FCA reports soar in DDoS attacks following Russia-Ukraine war
New Financial Conduct Authority data shows that Distributed Denial of Service incidents rose by over 20% in the first half of 2022, following the Russian invasion of Ukraine.
Through a Freedom of Information (FOI) request, cyber software vendor Picus Security uncovered a step rise in the number of DDoS attacks reported to FCA, with 25% of all incidents submitted to the government-backed regulator involving DDoS, compared to just 4% in 2021.
DDoS attacks flood an organisation’s network with unwanted traffic with the aim of disrupting operations or bringing them down entirely.
According to Suleyman Ozarslan, Picus Security co-founder and VP of Picus Labs, the primary reason for the increase in DDoS attacks was UK finance firms becoming targeted by nation-state attackers and hacktivists during the ongoing Russia-Ukraine conflict.

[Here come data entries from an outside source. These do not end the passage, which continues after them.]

Lemma lin_indep_aw_familyS c d N :
  lin_indep N.+2 (aw_family c d N.+1) <->
  lin_indep N.+1 (aw_family c d N) /\ forall k, (k <= N)%N -> aw_lambda c d N k != 0.
Proof.
have size_fam M k : (k < M.+1)%N -> (size (aw_family c d M k) <= M.+1)%N.
  by move=> lt_kM; apply: size_aw_family_leq.
split=> [indep1 | [indep0 lambda_neq0]].
  have [cd_neq0 lambda_neq0] := lin_indep_aw_family_lambda indep1.
  split=> //; apply: (lin_indep_bidiag (u := fun k => d * q ^+ (N - k))
    (v := fun k => c * q ^+ k) (w := aw_lambda c d N)) indep1 => [k lt_kN|k lt_kN|].
  - by rewrite aw_family_comb.
  - exact: lambda_neq0.
  - by case/orP: cd_neq0 => [c_neq0|d_neq0]; [right|left] => k _;
      rewrite mulf_neq0 ?expf_neq0.
have size_top : exists2 j, (j <= N.+1)%N & size (aw_family c d N.+1 j) = N.+2.
  have: (c != 0) || (d != 0).
    apply: contraTT (lambda_neq0 0%N isT); rewrite negb_or !negbK => /andP[/eqP-> /eqP->].
    by rewrite /aw_lambda !mul0r subrr mul0r.
  case/orP=> [c_neq0|d_neq0].
    by exists N.+1; rewrite // /aw_family subnn aw_mono0 mulr1 size_aw_mono.
  by exists 0%N; rewrite // /aw_family subn0 aw_mono0 mul1r size_aw_mono.
have [j le_jN size_j] := size_top.
apply/(lin_indep_spans (size_fam _)).
apply: (spans_polys_step (g := aw_family c d N)) le_jN size_j.
  exact/(lin_indep_spans (size_fam _)).
move=> k lt_kN; rewrite -[aw_family c d N k](scalerK (lambda_neq0 k lt_kN)).
rewrite -aw_family_comb // -scaleNr.
by apply/in_spanZ/in_spanD; apply/in_spanZ/in_span_gen; lia.
Qed.

Lemma lin_indep_aw_family c d N :
  lin_indep N.+1 (aw_family c d N) <->
  forall M k, (k <= M < N)%N -> aw_lambda c d M k != 0.
Proof.
elim: N => [|N IH].
  by split=> [_ M k /andP[_] // | _]; apply: lin_indep_aw_family0.
rewrite lin_indep_aw_familyS IH; split=> [[lambda_lt lambda_N] M k | lambda_le].
  move=> /andP[le_kM]; rewrite ltnS leq_eqVlt => /orP[/eqP eq_MN | lt_MN].
    by rewrite eq_MN in le_kM *; apply: lambda_N.
  by apply: lambda_lt; rewrite le_kM.
split=> [M k /andP[le_kM lt_MN] | k le_kN]; apply: lambda_le.
  by rewrite le_kM ltnW.
by rewrite le_kN ltnSn.
Qed.

Lemma ratio_qpow_range c d N : c != 0 -> d != 0 ->
  (exists M k, (k <= M < N)%N /\ d * q ^+ (M - k) = c * q ^+ k) <->
  exists i : int, (1 - N%:Z <= i <= N%:Z - 1) /\ c / d = q ^ i.
Proof.
move=> c_neq0 d_neq0; have qX_neq0 n : q ^+ n != 0 by rewrite expf_neq0.
split=> [[M [k [/andP[le_kM lt_MN] eq_dc]]] | [[m|m] [bounds eq_cd]]].
- exists ((M - k)%:Z - k%:Z); split; first by apply/andP; split; lia.
  rewrite expfzDr // -exprnP -exprnN -[c](mulfK (qX_neq0 k)) -eq_dc.
  by field; rewrite ?qX_neq0.
- exists m, 0%N; split; first by apply/andP; split; lia.
  by rewrite subn0 expr0 mulr1 exprnP -eq_cd mulrC divfK.
- exists m.+1, m.+1; split; first by apply/andP; split; lia.
  rewrite subnn expr0 mulr1 -[c](divfK d_neq0) eq_cd /=.
  by rewrite mulrAC mulVf ?mul1r.
Qed.

Lemma product_qpow_range c d N :
  (exists M, (M < N)%N /\ c * d * q ^+ M = 1) <->
  exists i : int, (1 - N%:Z <= i <= 0) /\ c * d = q ^ i.
Proof.
have qX_neq0 n : q ^+ n != 0 by rewrite expf_neq0.
split=> [[M [lt_MN eq_cd]] | [[m|m] [bounds eq_cd]]].
- exists (- M%:Z); split; first by apply/andP; split; lia.
  by rewrite -exprnN; apply: (mulIf (qX_neq0 M)); rewrite mulVf.
- exists 0%N; split; first lia.
  by rewrite mulr1 eq_cd (_ : m = 0%N) //; lia.
- exists m.+1; split; first lia.
  by rewrite eq_cd mulVf.
Qed.

Lemma all_aw_lambda_neq0 c d N : (1 <= N)%N ->
  (forall M k, (k <= M < N)%N -> aw_lambda c d M k != 0) <->
  ~ ( (c != 0 /\ d != 0 /\
        exists i : int, (1 - N%:Z <= i <= N%:Z - 1) /\ c / d = q ^ i)
    \/ (exists i : int, (1 - N%:Z <= i <= 0) /\ c * d = q ^ i)
    \/ (c = 0 /\ d = 0) ).
Proof.
move=> N_gt0; split=> [lambda_neq0 | no_root M k le_kMN].
  case=> [[c_neq0 [d_neq0 /(ratio_qpow_range _ c_neq0 d_neq0)]]
         | [/product_qpow_range | [c0 d0]]].
  - case=> M [k [le_kMN eq_dc]]; move: (lambda_neq0 M k le_kMN).
    by rewrite /aw_lambda eq_dc subrr mul0r eqxx.
  - case=> M [lt_MN eq_cd]; move: (lambda_neq0 M 0%N (ltac:(lia))).
    by rewrite /aw_lambda eq_cd subrr mulr0 eqxx.
  - move: (lambda_neq0 0%N 0%N (ltac:(lia))).
    by rewrite /aw_lambda c0 d0 !mul0r subrr mul0r eqxx.
rewrite /aw_lambda mulf_neq0 // subr_eq0; apply/eqP => root; apply: no_root.
  have [c0|c_neq0] := eqVneq c 0.
    do 2!right; split=> //; move: root; rewrite c0 mul0r => /eqP.
    by rewrite mulf_eq0 expf_eq0 (negbTE q_neq0) andbF orbF => /eqP.
  have [d0|d_neq0] := eqVneq d 0.
    move: root; rewrite d0 mul0r => /esym/eqP.
    by rewrite mulf_eq0 expf_eq0 (negbTE q_neq0) andbF orbF (negbTE c_neq0).
  by left; split=> //; split=> //; apply/ratio_qpow_range => //; exists M, k.
right; left; apply/product_qpow_range.
by exists M; case/andP: le_kMN => _ ->; rewrite root.
Qed.

End AskeyWilson.

Theorem mainTheorem1 (R : realType) (N : nat) (q c d : R[i]) :
  (1 <= N)%N -> q != 0 ->
  is_basis_poly_deg_le
    (fun k : 'I_N.+1 => aw_monomial q c k * aw_monomial q d (N - k)) <->
  ~ ( (c != 0 /\ d != 0 /\
        exists i : int, (1 - N%:Z <= i <= N%:Z - 1)%R /\ c / d = q ^ i)
    \/ (exists i : int, (1 - N%:Z <= i <= 0)%R /\ c * d = q ^ i)
    \/ (c = 0 /\ d = 0) ).
Proof.
move=> N_gt0 q_neq0.
rewrite -(all_aw_lambda_neq0 q_neq0 c d N_gt0) -(lin_indep_aw_family q_neq0).
apply: (is_basis_lin_indep (G := aw_family q c d N)) => k lt_kN.
exact: size_aw_family_leq.
Qed.
(* There exist topological spaces $K_1, K_2, K_3$, a continuous map $f: K_1 \to K_2$, and closed subsets $R \subseteq K_1 \times K_3$, $S \subseteq K_2 \times K_3$ such that $$\overline{f_!}(R \cap f^*S) \neq \overline{f_!}R \cap S,$$ where $\overline{f_!}T := \mathrm{cl}(f_!T)$ denotes the closure in $K_2 \times K_3$ of the pushforward.
   Context: For a map $f: A \to B$ and relations $T \subseteq A \times C$, $U \subseteq B \times C$: $f_!T = \{(y,z) \in B \times C : \exists x \in A,\ f(x) = y,\ (x,z) \in T\}$ and $f^*U = \{(x,z) \in A \times C : (f(x), z) \in U\}$. Spaces need not be compact (e.g. the paper's setting allows $K_1$ non-closed in a simplex). *)

From HB Require Import structures.
From mathcomp Require Import all_boot all_order all_algebra.
From mathcomp Require Import all_classical all_reals all_analysis.
Set Implicit Arguments. Unset Strict Implicit. Unset Printing Implicit Defensive.
Local Open Scope classical_set_scope.

Definition rel_push {A B C : Type} (f : A -> B) (T : set (A * C)) : set (B * C) :=
  [set p | exists x : A, f x = p.1 /\ T (x, p.2)].

Definition rel_pull {A B C : Type} (f : A -> B) (U : set (B * C)) : set (A * C) :=
  [set p | U (f p.1, p.2)].

Definition rel_push_cl {A : Type} {B C : topologicalType} (f : A -> B)
  (T : set (A * C)) : set (B * C) := closure (rel_push f T).

From mathcomp Require Import all_boot all_order all_algebra.
From mathcomp Require Import all_classical all_reals all_analysis.
From mathcomp Require Import Rstruct Rstruct_topology.
Import GRing.Theory Num.Theory numFieldNormedType.Exports.
Local Open Scope classical_set_scope.

(* On the level of sets the projection formula f_!(R ∩ f^*S) = f_!R ∩ S
   holds; it is the closure that breaks it.  Take R full, so that
   f_!R = range f × K3, and S = {y} × K3 for a point y of the closure of
   range f that is not in range f.  Then R ∩ f^*S is empty, while
   cl(f_!R) ∩ S contains all of {y} × K3.  The map n ↦ 1/(n+1) from the
   discrete space of naturals to the reals, with y = 0, is such a map. *)

Section relations.
Context {A B C : Type} (f : A -> B).

Lemma rel_push_setI_rel_pull (T : set (A * C)) (U : set (B * C)) :
  rel_push f (T `&` rel_pull f U) = rel_push f T `&` U.
Proof.
apply/seteqP; split=> -[y z].
- by move=> [x [/= <- [Txz Ufxz]]]; split => //; exists x.
- by move=> [[x [/= <- Txz]] Ufxz]; exists x.
Qed.

Lemma rel_push_setT : rel_push f [set: A * C] = fst @^-1` range f.
Proof.
by apply/seteqP; split=> [[y z] [x [fxy _]]|[y z] [x _ fxy]]; exists x.
Qed.

End relations.

Lemma image_closure_continuous {S T : topologicalType} (g : S -> T)
    (E : set S) :
  continuous g -> g @` closure E `<=` closure (g @` E).
Proof.
move=> cg _ [x clEx <-] N /cg gN.
have [e [Ee Ne]] := clEx _ gN.
by exists (g e); split => //; exists e.
Qed.

Lemma closure_preimage_fst {B C : topologicalType} (E : set B) (y : B)
    (z : C) :
  closure E y -> closure (fst @^-1` E) (y, z).
Proof.
move=> clEy; have cont_pair : continuous (fun b : B => (b, z)).
  by move=> b; apply: cvg_pair; [exact: cvg_id | exact: cvg_cst].
have := image_closure_continuous _ E cont_pair (y, z)
  (ex_intro2 _ _ y clEy erefl).
by apply: closureS => _ [b Eb <-].
Qed.

Lemma rel_push_cl_setI_rel_pull_neq {A : Type} {B C : topologicalType}
    (f : A -> B) (y : B) (z : C) :
  closure (range f) y -> ~ range f y ->
  rel_push_cl f ([set: A * C] `&` rel_pull f (fst @^-1` [set y])) <>
  rel_push_cl f [set: A * C] `&` fst @^-1` [set y].
Proof.
move=> cl_y not_range_y.
rewrite /rel_push_cl rel_push_setI_rel_pull rel_push_setT.
have -> : fst @^-1` range f `&` fst @^-1` [set y] = set0 :> set (B * C).
  by apply/seteqP; split => // -[b c] [/= range_b b_y]; rewrite b_y in range_b.
rewrite closure0 => set0_eq.
suff : (set0 : set (B * C)) (y, z) by [].
by rewrite set0_eq; split => //; exact: closure_preimage_fst.
Qed.

Section harmonic_range.
Context {R : realType}.
Local Open Scope ring_scope.

Lemma zero_notin_range_harmonic : ~ range (@harmonic R) 0.
Proof. by move=> [n _ /eqP]; rewrite /harmonic /= invr_eq0 pnatr_eq0. Qed.

Lemma closure_range_harmonic : closure (range (@harmonic R)) 0.
Proof.
have range_near :
    \forall n \near \oo, closure (range (@harmonic R)) (harmonic n).
  by apply: nearW => n; apply: subset_closure; exists n.
exact: (closed_cvg _ (@closed_closure _ _) range_near _ (@cvg_harmonic R)).
Qed.

End harmonic_range.

Theorem mainTheorem10 :
  exists (K1 K2 K3 : topologicalType) (f : K1 -> K2)
         (R : set (K1 * K3)) (S : set (K2 * K3)),
    continuous f /\ closed R /\ closed S /\
    rel_push_cl f (R `&` rel_pull f S) <> rel_push_cl f R `&` S.
Proof.
exists nat, Rdefinitions.R, Rdefinitions.R, harmonic, setT,
  (fst @^-1` [set 0%R]).
split; first by apply/continuousP => U _; exact: discrete_open.
split; first exact: closedT.
split.
  apply: preimage_closed; last exact: closed_eq.
  by move=> p _; exact: cvg_fst.
exact: (rel_push_cl_setI_rel_pull_neq (C := Rdefinitions.R) _ _ 0%R
  closure_range_harmonic zero_notin_range_harmonic).
Qed.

DDoS attacks, including sophisticated ‘carpet-bombing,’ are often used against providers of critical infrastructure to disrupt operations and deny access to vital services.
“UK financial institutions are in the crossfire of the ongoing war between Russia and Ukraine and have become a direct target for nation-state attackers and hacktivists seeking to disrupt Ukraine’s allies,” says Ozarslan.
The observed rise in DDoS attacks also coincides with a reported increase in DDoS for hire websites and ransomware operators using DDoS as a tactic to pressure and extort money from targets.